Image result for the mustang movie

If “The Mustang” feels like something of a redux of “The Rider,” it is, especially if you consider the nucleus of a man trying to heal through bonding with a beast and the raw beauty of the tumbleweed-dusted valleys and plains that fill the screen. Both films deal with broken men. In the case of “The Rider,” Chloé Zhao’s beautiful second feature, it was physical as well as emotional, as a brain-injured horseman confronted the near certain risk of death should he mount a steed again. In the case of “The Mustang,” there are deeper and darker elements, namely that it’s set inside the razor-wired confines of a maximum security correctional facility in Nevada.

The broken man here is Roman Coleman (Matthias Schoenaerts), a transfer tossed immediately in solitary confinement because of an outburst at an anger management counselor (Connie Britton).Not a good start, but Roman’s mostly a quiet, keep-to-himself kind of guy (“I’m not good with people,” he remarks). You can tell there’s simmering rage and demons inside, yet also vulnerability and compassion in those perpetually narrowed eyes. Once out of the box, Roman is assigned to shit duty – literally. The prison, because of its location in the heart of wild mustang country, runs a program to break the bucking beasts and sell them at auction – ironically, mostly to the police. For some reason, and we’re not entirely told why, Myles (Bruce Dern) the old codger who runs the equestrian side of the prison, sees something in the way Roman scoops up manure and mandates him into the program.

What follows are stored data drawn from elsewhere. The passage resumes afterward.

Lemma phase_time (th : R) : phase (time th) = th.
Proof.
set (x := phase (time th)). pose proof (time_phase (time th)). fold x in H.
destruct (Rtotal_order x th) as [Hl|[He|Hl]]; auto.
- pose proof (time_increasing _ _ Hl). lra.
- pose proof (time_increasing _ _ Hl). lra.
Qed.

Lemma phase_le (x y : R) : x <= y -> phase x <= phase y.
Proof.
intros Hxy. destruct (Rle_dec (phase x) (phase y)) as [|Hn]; auto.
pose proof (time_increasing (phase y) (phase x) ltac:(lra)). rewrite !time_phase in H. lra.
Qed.

Lemma phase_periodic (x : R) : phase (x + period) = phase x + 2 * PI.
Proof. rewrite <- (time_phase x) at 1. now rewrite <- time_periodic, phase_time. Qed.

Lemma phase_opp (x : R) : phase (- x) = PI - phase x.
Proof. rewrite <- (time_phase x) at 1. now rewrite <- time_sym, phase_time. Qed.

Lemma phase_0 : phase 0 = PI / 2.
Proof. rewrite <- time_PI2. apply phase_time. Qed.

Lemma is_derive_phase (x : R) : is_derive phase x (/ f (phase x)).
Proof.
assert (Hi : phase (x - 1) <= phase x <= phase (x + 1)) by (split; apply phase_le; lra).
assert (Hc : continuity_pt phase x).
{ apply (continuity_pt_recip_interv time phase (phase x - 1) (phase x + 1)); [lra| | | | |].
  - intros a b _ Hab _. now apply time_increasing.
  - intros y _ _. apply time_phase.
  - intros y H1 H2. apply phase_le in H1. apply phase_le in H2. rewrite !phase_time in H1, H2. lra.
  - intros a _. apply (is_derive_continuity_pt _ _ _ (is_derive_time a)).
  - rewrite <- (time_phase x) at 2 3. split; apply time_increasing; lra. }
pose proof (density_pos f Hf (phase x)).
apply is_derive_Reals.
replace (/ f (phase x)) with (1 / f (phase x)) by (field; lra).
pose proof (derivable_pt_lim_recip_interv time phase (x - 1) (x + 1) x
  (fun p _ => exist _ (f p) (proj1 (is_derive_Reals _ _ _) (is_derive_time p)))
  Hc ltac:(lra) ltac:(lra) Hi (fun y _ => time_phase y)) as Hd.
simpl in Hd. apply Hd. lra.
Qed.

End Time.

(** * Periodic solutions *)

Definition amp_max : R := - pot_sqrt p_lo.

Lemma amp_max_lt_1 : amp_max < 1.
Proof. pose proof pot_sqrt_p_lo_gt_m1. unfold amp_max. lra. Qed.

Lemma Rabs_mul_sin_le (r t : R) : Rabs (r * sin t) <= Rabs r.
Proof.
rewrite Rabs_mult. pose proof (Rabs_pos r).
assert (Rabs (sin t) <= 1) by (apply Rabs_le, SIN_bound). nra.
Qed.

Lemma in_range_of_Rabs (u : R) : Rabs u < amp_max -> in_range u.
Proof.
intros Hu. apply Rabs_def2 in Hu. pose proof amp_max_lt_1. pose proof pot_sqrt_p_hi_gt_1.
unfold in_range, amp_max in *. lra.
Qed.

Lemma in_range_mul_sin (r t : R) : Rabs r < amp_max -> in_range (r * sin t).
Proof. intros Hr. apply in_range_of_Rabs. pose proof (Rabs_mul_sin_le r t). lra. Qed.

Definition orbit_density (r t : R) : R := dpot_sqrt_inv (r * sin t).

Lemma time_density_orbit (r : R) : Rabs r < amp_max -> time_density (orbit_density r).
Proof.
intros Hr. unfold orbit_density. split.
- intros t. apply (continuous_comp (fun t => r * sin t) dpot_sqrt_inv).
  + apply (is_derive_continuous _ _ (r * cos t)). auto_derive; auto. ring.
  + now apply dpot_sqrt_inv_continuous, in_range_mul_sin.
- intros t. now apply dpot_sqrt_inv_pos, in_range_mul_sin.
- intros t. now rewrite sin_plus, sin_2PI, cos_2PI, Rmult_1_r, Rmult_0_r, Rplus_0_r.
- intros t. now rewrite sin_PI_x.
Qed.

Section Solution.

Variables r omega : R.
Hypothesis Hr : Rabs r < amp_max.

(* With [u := r sin th], [psi := pot_sqrt_inv u] and [th' = 1 / orbit_density r th]
   one gets [psi' = r cos th] and [psi'' = - u / dpot_sqrt_inv u = - 2 psi ln psi].
   The factor [exp (omega / 2)] absorbs [omega] since
   [ln ((exp (omega / 2) psi)^2) = omega + ln (psi^2)]. *)
Definition sol (x : R) : R :=
  exp (omega / 2) * pot_sqrt_inv (r * sin (phase (orbit_density r) x)).

Definition dsol (x : R) : R := exp (omega / 2) * (r * cos (phase (orbit_density r) x)).

Definition d2sol (x : R) : R :=
  - (exp (omega / 2) * (2 * pot_sqrt_inv (r * sin (phase (orbit_density r) x))
       * ln (pot_sqrt_inv (r * sin (phase (orbit_density r) x))))).

Let Hf := time_density_orbit r Hr.

Lemma is_derive_sol (x : R) : is_derive sol x (dsol x).
Proof.
unfold sol, dsol. set (th := phase (orbit_density r) x).
pose proof (dpot_sqrt_inv_pos _ (in_range_mul_sin r th Hr)).
apply (is_derive_scal (fun x => pot_sqrt_inv (r * sin (phase (orbit_density r) x)))).
replace (r * cos th) with (/ orbit_density r th * (r * cos th) * dpot_sqrt_inv (r * sin th))
  by (unfold orbit_density; field; lra).
apply (is_derive_comp pot_sqrt_inv (fun x => r * sin (phase (orbit_density r) x))).
- now apply is_derive_pot_sqrt_inv, in_range_mul_sin.
- apply (is_derive_comp (fun t => r * sin t) (phase (orbit_density r))).
  + auto_derive; auto. unfold th. ring.
  + now apply is_derive_phase.
Qed.

Lemma is_derive_dsol (x : R) : is_derive dsol x (d2sol x).
Proof.
unfold dsol, d2sol. set (th := phase (orbit_density r) x). rewrite Ropp_mult_distr_r.
apply (is_derive_scal (fun x => r * cos (phase (orbit_density r) x))).
rewrite <- div_dpot_sqrt_inv by now apply in_range_mul_sin.
replace (- (r * sin th / dpot_sqrt_inv (r * sin th)))
  with (/ orbit_density r th * (r * - sin th)) by (unfold orbit_density; field;
    pose proof (dpot_sqrt_inv_pos _ (in_range_mul_sin r th Hr)); lra).
apply (is_derive_comp (fun t => r * cos t) (phase (orbit_density r))).
- auto_derive; auto. unfold th. ring.
- now apply is_derive_phase.
Qed.

Lemma sol_pos (x : R) : 0 < sol x.
Proof.
apply Rmult_lt_0_compat; [apply exp_pos|].
now apply pot_sqrt_inv_pos, in_range_mul_sin.
Qed.

Lemma sol_equation (x : R) : - d2sol x + omega * sol x - sol x * ln (sol x ^ 2) = 0.
Proof.
unfold d2sol, sol. set (p := pot_sqrt_inv _).
assert (Hp : 0 < p) by now apply pot_sqrt_inv_pos, in_range_mul_sin.
replace ((exp (omega / 2) * p) ^ 2) with (exp omega * (p * p))
  by (replace omega with (omega / 2 + omega / 2) at 1 by field; rewrite exp_plus; ring).
rewrite ln_mult, ln_exp, ln_mult by (apply exp_pos || nra). ring.
Qed.

Lemma sol_solves : solves_logNLS omega sol dsol d2sol.
Proof.
intros x. split; [|split].
- apply is_derive_Reals, is_derive_sol.
- apply is_derive_Reals, is_derive_dsol.
- apply sol_equation.
Qed.

Lemma sol_periodic (x : R) : sol (x + period (orbit_density r)) = sol x.
Proof.
unfold sol. rewrite phase_periodic by exact Hf.
now rewrite sin_plus, sin_2PI, cos_2PI, Rmult_1_r, Rmult_0_r, Rplus_0_r.
Qed.

Lemma sol_turns (n : nat) (x : R) : sol (x + INR n * period (orbit_density r)) = sol x.
Proof.
induction n as [|n IH]; [simpl; now rewrite Rmult_0_l, Rplus_0_r|].
rewrite S_INR, Rmult_plus_distr_r, Rmult_1_l, <- Rplus_assoc.
now rewrite sol_periodic.
Qed.

Lemma sol_even (x : R) : sol (- x) = sol x.
Proof. unfold sol. rewrite phase_opp by exact Hf. now rewrite sin_PI_x. Qed.

Lemma sol_extremes : sol 0 = exp (omega / 2) * pot_sqrt_inv r /\
  sol (time (orbit_density r) (3 * (PI / 2))) = exp (omega / 2) * pot_sqrt_inv (- r).
Proof.
unfold sol. rewrite phase_0, phase_time by exact Hf. split.
- now rewrite sin_PI2, Rmult_1_r.
- replace (3 * (PI / 2)) with (PI / 2 + PI) by field.
  now rewrite neg_sin, sin_PI2, <- Ropp_mult_distr_r, Rmult_1_r.
Qed.

End Solution.

(** * The period function *)

Definition orbit_period (r : R) : R := period (orbit_density r).

Lemma orbit_period_0 : orbit_period 0 = sqrt 2 * PI.
Proof.
unfold orbit_period, period, time, orbit_density.
rewrite (RInt_ext (V:=R_CompleteNormedModule) _ (fun _ => / sqrt 2))
  by (intros x _; now rewrite Rmult_0_l, dpot_sqrt_inv_0).
rewrite (RInt_const (V:=R_CompleteNormedModule)).
change (scal ?a ?b) with (a * b).
pose proof (sqrt_sqrt 2 ltac:(lra)). pose proof Rlt_sqrt2_0.
apply (Rmult_eq_reg_r (sqrt 2)); [|lra]. field_simplify; [rewrite <- Rsqr_pow2, Rsqr_sqrt|]; lra.
Qed.

Lemma orbit_period_continuous (r : R) : Rabs r < amp_max -> continuity_pt orbit_period r.
Proof.
intros Hr. apply continuity_pt_filterlim, continuous_Rabs_iff. intros eps He.
set (m := (Rabs r + amp_max) / 2).
pose proof (Rabs_pos r). pose proof PI_RGT_0.
assert (Hm : Rabs r < m < amp_max) by (unfold m; lra).
assert (Hunif : uniform_continuity dpot_sqrt_inv (fun u => - m <= u <= m)).
{ apply Heine; [apply compact_P3|]. intros u Hu.
  apply continuity_pt_filterlim, dpot_sqrt_inv_continuous, in_range_of_Rabs.
  apply Rabs_le in Hu. lra. }
destruct (Hunif (mkposreal (eps / (4 * PI)) ltac:(apply Rdiv_lt_0_compat; lra))) as [del Hdel].
simpl in Hdel.
exists (Rmin del (m - Rabs r)). split; [apply Rmin_pos; [apply cond_pos|lra]|].
intros r' Hr'. pose proof (Rmin_l del (m - Rabs r)). pose proof (Rmin_r del (m - Rabs r)).
assert (Hr'm : Rabs r' < m) by (pose proof (Rabs_triang_inv r' r); lra).
assert (Hfr : time_density (orbit_density r)) by now apply time_density_orbit.
assert (Hfr' : time_density (orbit_density r')) by (apply time_density_orbit; lra).
unfold orbit_period, period, time.
rewrite <- (RInt_minus (V:=R_CompleteNormedModule)) by now apply ex_RInt_density.
eapply Rle_lt_trans; [apply abs_RInt_le_const with (M := eps / (4 * PI)); [lra| |]|].
- apply (ex_RInt_continuous (V:=R_CompleteNormedModule)). intros t _.
  apply (continuous_minus (orbit_density r') (orbit_density r)); now apply density_continuous.
- intros t _. change (minus ?a ?b) with (a - b). unfold orbit_density.
  left. apply Hdel; try (apply Rabs_le_between; pose proof (Rabs_mul_sin_le r t);
    pose proof (Rabs_mul_sin_le r' t); lra).
  replace (r' * sin t - r * sin t) with ((r' - r) * sin t) by ring.
  pose proof (Rabs_mul_sin_le (r' - r) t). lra.
- replace (PI / 2 + 2 * PI - PI / 2) with (2 * PI) by ring.
  apply (Rmult_lt_reg_r (4 * PI)); [lra|]. field_simplify; nra.
Qed.

Definition log_gauge (p : R) : R := sqrt (1 - 2 * ln p).

Lemma is_derive_log_gauge (p : R) : 0 < p -> p <= 1 ->
  is_derive log_gauge p (- / (p * log_gauge p)).
Proof.
intros Hp Hp1. assert (ln p <= 0) by (rewrite <- ln_1; now apply ln_le).
assert (0 < log_gauge p) by (apply sqrt_lt_R0; lra).
unfold log_gauge in *. auto_derive; [repeat split; lra|].
replace (1 + - (2 * ln p)) with (1 - 2 * ln p) by ring. field. lra.
Qed.

Section LongPeriod.

Variable r : R.
Hypotheses (Hr0 : 0 <= r) (Hr : r < amp_max).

The horse-whispering is pretty neat and drives the film as expected, but it’s Roman’s bond with a fellow inmate, Henry (Jason Mitchell),and visits from his pregnant daughter, Martha (Gideon Adlon), who harbors justified animosity for her father, that cast a longer shadow. Issues of racial division are clearly etched in the yard, and there’s an illicit drug trade that threatens to drag in Roman.

Thankfully nothing about “The Mustang” is heavy handed; Laure de Clermont-Tonnerre has composed a quietly powerful portrait for her first feature, with a script so spare you almost wished people expressed themselves a bit more. Her real ace in the hole, besides the majestic beast that bucks its stall viciously (it too, gets tossed in solitary) is Schoenaerts, best known for his role as a Russian baddie in the silly and misguided J-Law spy thriller “Red Sparrow” (2018), but delivering a breakout performance here. With a shaved head and dewy eyes, he looks something like a mini-me version of Dwayne “The Rock” Johnson, and casts a presence that is at once intimidating and resilient while remaining soulful and pained, imbued with the rue of past actions. It’s a film-winning performance that’s aided just the slightest by prodding barbs from Dern’s cantankerous mentor, the warning snorts from the mercurial steed and mostly, the cagey, sassy baiting from Mitchell’s hands-on, horse-wrangling instructor.The casting and arc of emotion couldn’t be more perfect, and the final frame will surely break you.